Google Ads propose justement des colonnes permettant d’analyser les conversions selon leur date de conversion. Elles sont particulièrement utiles lorsque vous cherchez à comprendre si une baisse récente provient réellement d’un problème d’acquisition ou simplement d’un décalage temporel dans la remontée des conversions.
Je ne conseille pas de remplacer systématiquement les colonnes standards par cette lecture.
Les deux approches sont complémentaires.
Mais dès qu’une période récente semble s’effondrer, regarder le délai de conversion et la date à laquelle les conversions se matérialisent devrait faire partie des premiers contrôles.
C’est là que ce biais devient réellement coûteux.
Une erreur d’analyse n’est pas très grave tant qu’elle reste dans un tableau.
Elle le devient lorsqu’elle provoque une décision.
Imaginez que vous constatiez une baisse de 40 % de votre chiffre d’affaires Google Ads.
Vous pouvez légitimement décider de réduire fortement les budgets.
Vous pouvez augmenter votre ROAS cible pour forcer l’algorithme à rechercher davantage de rentabilité.
Vous pouvez réduire votre CPA cible.
Vous pouvez couper certaines campagnes ou revoir votre stratégie d’acquisition.
Toutes ces décisions peuvent sembler cohérentes avec le diagnostic initial.
Mais si la baisse réelle, une fois les données stabilisées, est plutôt de 20 à 25 %, la situation change.
Il existe toujours un problème. Il faut toujours l’analyser et probablement agir.
Mais son ampleur n’est plus la même.
Et une mesure parfaitement rationnelle face à une chute de 40 % peut devenir beaucoup trop agressive face à une baisse de 20 %.

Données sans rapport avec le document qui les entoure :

Lemma Ps43Z k (u : P) : 0 <= k -> Ps43 u -> Ps43 (k *: u).
Proof.
move=> k_ge0 [[u_homog u_sym] u_ge0]; split; first by split; rewrite ?rpredZ ?dhomogZ.
by move=> x x_ge0; rewrite mevalZ mulr_ge0 ?u_ge0.
Qed.

Lemma g_ge0 i (x : 'I_4 -> R) : (forall j, 0 <= x j) -> 0 <= (g R i).@[x].
Proof.
move=> x_ge0; move: (x_ge0 o0) (x_ge0 o1) (x_ge0 o2) (x_ge0 o3) => x0 x1 x2 x3.
have := three_s111_le_t21 x0 x1 x2 x3; have := two_t21_le_s3_s111 x0 x1 x2 x3.
have := t21_le_s3_s111 x0 x1 x2 x3.
have : 0 <= s111 (x o0) (x o1) (x o2) (x o3) by rewrite /s111 !addr_ge0 ?mulr_ge0.
by case: (g_cases i) => ->; rewrite meval_cubic; lra.
Qed.

Lemma Ps43_g i : Ps43 (g R i).
Proof.
split; last exact: g_ge0.
by case: (g_cases i) => ->; apply: cubic_Hs43.
Qed.

Lemma Ps43_cone (l : 'I_4 -> R) (Q : pred 'I_4) : (forall i, 0 <= l i) ->
  Ps43 (\sum_(i < 4 | Q i) l i *: g R i).
Proof.
move=> l_ge0; apply: (big_ind (@Ps43 R)); [exact: Ps43_0 | exact: Ps43D |].
by move=> i _; apply: Ps43Z; [apply: l_ge0 | apply: Ps43_g].
Qed.

Lemma g_neq0 i : g R i != 0.
Proof.
by case: (g_cases i) => ->; apply/eqP; rewrite -cubic0 => /cubic_inj []; lra.
Qed.

Lemma in_ray_g1 a b c : 0 <= 2 * a + 2 * b -> a = 0 -> 4 * a + 12 * b + 4 * c = 0 ->
  in_ray (g1 R) (cubic a b c).
Proof.
have [-> _ _ _] := g_cubic.
by move=> *; exists b; split; [lra | rewrite cubicZ; congr cubic; lra].
Qed.

Lemma in_ray_g2 a b c : 0 <= a -> 3 * a + 6 * b + c = 0 -> 4 * a + 12 * b + 4 * c = 0 ->
  in_ray (g2 R) (cubic a b c).
Proof.
have [_ -> _ _] := g_cubic.
by move=> *; exists (a / 3); split; [lra | rewrite cubicZ; congr cubic; lra].
Qed.

Lemma in_ray_g3 a b c : 0 <= 3 * a + 6 * b + c -> a = 0 -> 2 * a + 2 * b = 0 ->
  in_ray (g3 R) (cubic a b c).
Proof.
have [_ _ -> _] := g_cubic.
by move=> *; exists c; split; [lra | rewrite cubicZ; congr cubic; lra].
Qed.

Lemma in_ray_g4 a b c : 0 <= a -> 2 * a + 2 * b = 0 -> 3 * a + 6 * b + c = 0 ->
  in_ray (g4 R) (cubic a b c).
Proof.
have [_ _ _ ->] := g_cubic.
by move=> *; exists a; split; [lra | rewrite cubicZ; congr cubic; lra].
Qed.

Lemma Ps43_in_ray_g f : Ps43 f ->
  [/\ f.@[pt 1 0 0 0] = 0 -> f.@[pt 1 1 1 1] = 0 -> in_ray (g1 R) f,
      f.@[pt 1 1 1 0] = 0 -> f.@[pt 1 1 1 1] = 0 -> in_ray (g2 R) f,
      f.@[pt 1 0 0 0] = 0 -> f.@[pt 1 1 0 0] = 0 -> in_ray (g3 R) f
    & f.@[pt 1 1 0 0] = 0 -> f.@[pt 1 1 1 0] = 0 -> in_ray (g4 R) f].
Proof.
case/Ps43_cubic => a [b [c [-> [v1_ge0 v2_ge0 v3_ge0 v4_ge0]]]].
have [-> -> -> ->] := meval_cubic_test_points a b c.
split=> v_eq0 v'_eq0.
- exact: in_ray_g1.
- exact: in_ray_g2.
- exact: in_ray_g3.
- exact: in_ray_g4.
Qed.

Lemma extremal_g i : extremal (@Ps43 R) (g R i).
Proof.
split; [exact: Ps43_g | exact: g_neq0 |] => u v /Ps43_cubic + /Ps43_cubic.
move=> [a [b [c [-> [u1 u2 u3 u4]]]]] [a' [b' [c' [-> [v1 v2 v3 v4]]]]].
have [g1E g2E g3E g4E] := g_cubic.
rewrite cubicD; move: i; apply: ord4_ind; rewrite /g /=.
- by rewrite {1}g1E => /cubic_inj [? ? ?]; split; apply: in_ray_g1; lra.
- by rewrite {1}g2E => /cubic_inj [? ? ?]; split; apply: in_ray_g2; lra.
- by rewrite {1}g3E => /cubic_inj [? ? ?]; split; apply: in_ray_g3; lra.
- by rewrite {1}g4E => /cubic_inj [? ? ?]; split; apply: in_ray_g4; lra.
Qed.

(* The cone {a >= 0, 2a + 2b >= 0, 3a + 6b + c >= 0, 4a + 12b + 4c >= 0} is the
   union of the two simplicial cones spanned by g1, g2, g3 and by g2, g3, g4,
   separated by the plane 2a + 3b = 0. *)
Lemma Ps43P f : Ps43 f <->
  exists l : 'I_4 -> R, (forall i, 0 <= l i) /\ f = \sum_(i < 4) l i *: g R i.
Proof.
split=> [/Ps43_cubic [a [b [c [-> [v1 v2 v3 v4]]]]] | [l [l_ge0 ->]]]; last first.
  exact: Ps43_cone.
have [le_a_3ab | lt_3ab_a] := lerP a (3 * (a + b)).
- exists (fun i => nth 0 [:: a + b - a / 3; a / 3; a + 3 * b + c; 0] i).
  split; first by apply: ord4_ind => /=; lra.
  by rewrite sum_g_cubic /=; congr cubic; lra.
- exists (fun i => nth 0 [:: 0; a + b; 3 * a + 6 * b + c; a - 3 * (a + b)] i).
  split; first by apply: ord4_ind => /=; lra.
  by rewrite sum_g_cubic /=; congr cubic; lra.
Qed.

Dans certains cas, vous pouvez même créer un second problème en essayant de corriger trop brutalement le premier : perte de diffusion, réduction du volume, apprentissage perturbé ou retrait du marché au moment où vos conversions retardées commencent justement à remonter.
Le danger n’est donc pas le délai de conversion en lui-même.
Le danger, c’est de prendre une décision définitive sur une donnée provisoire.
Lorsque je constate désormais une forte variation sur une période récente, je ne passe pas immédiatement à l’optimisation.
Je commence par vérifier la qualité de la comparaison.
La première question est évidemment de mesurer la baisse observée. Il faut connaître le chiffre brut et comprendre où l’écart se concentre.
Mais juste après vient une deuxième question : combien de temps faut-il habituellement aux utilisateurs de ce compte pour convertir ?
Si l’essentiel des conversions arrive le jour même, la période récente peut être considérée comme relativement fiable.
Si une proportion importante arrive plusieurs jours ou semaines plus tard, la prudence s’impose.
Je cherche ensuite à comprendre le niveau de maturité de la période analysée.
Combien de conversions supplémentaires sont encore susceptibles d’apparaître ?
Quelle proportion du résultat final avons-nous généralement après un jour, trois jours, sept jours ou davantage ?
Et surtout : la période utilisée comme référence présentait-elle le même niveau de maturité lorsque nous la comparons ?
C’est cette dernière question que l’on oublie souvent.
Comparer vingt jours à vingt jours n’est pas suffisant.
Il faut idéalement comparer des données ayant eu un temps similaire pour mûrir.
Ce n’est qu’après cette vérification que je commence à interpréter les performances et à réfléchir aux actions à mener.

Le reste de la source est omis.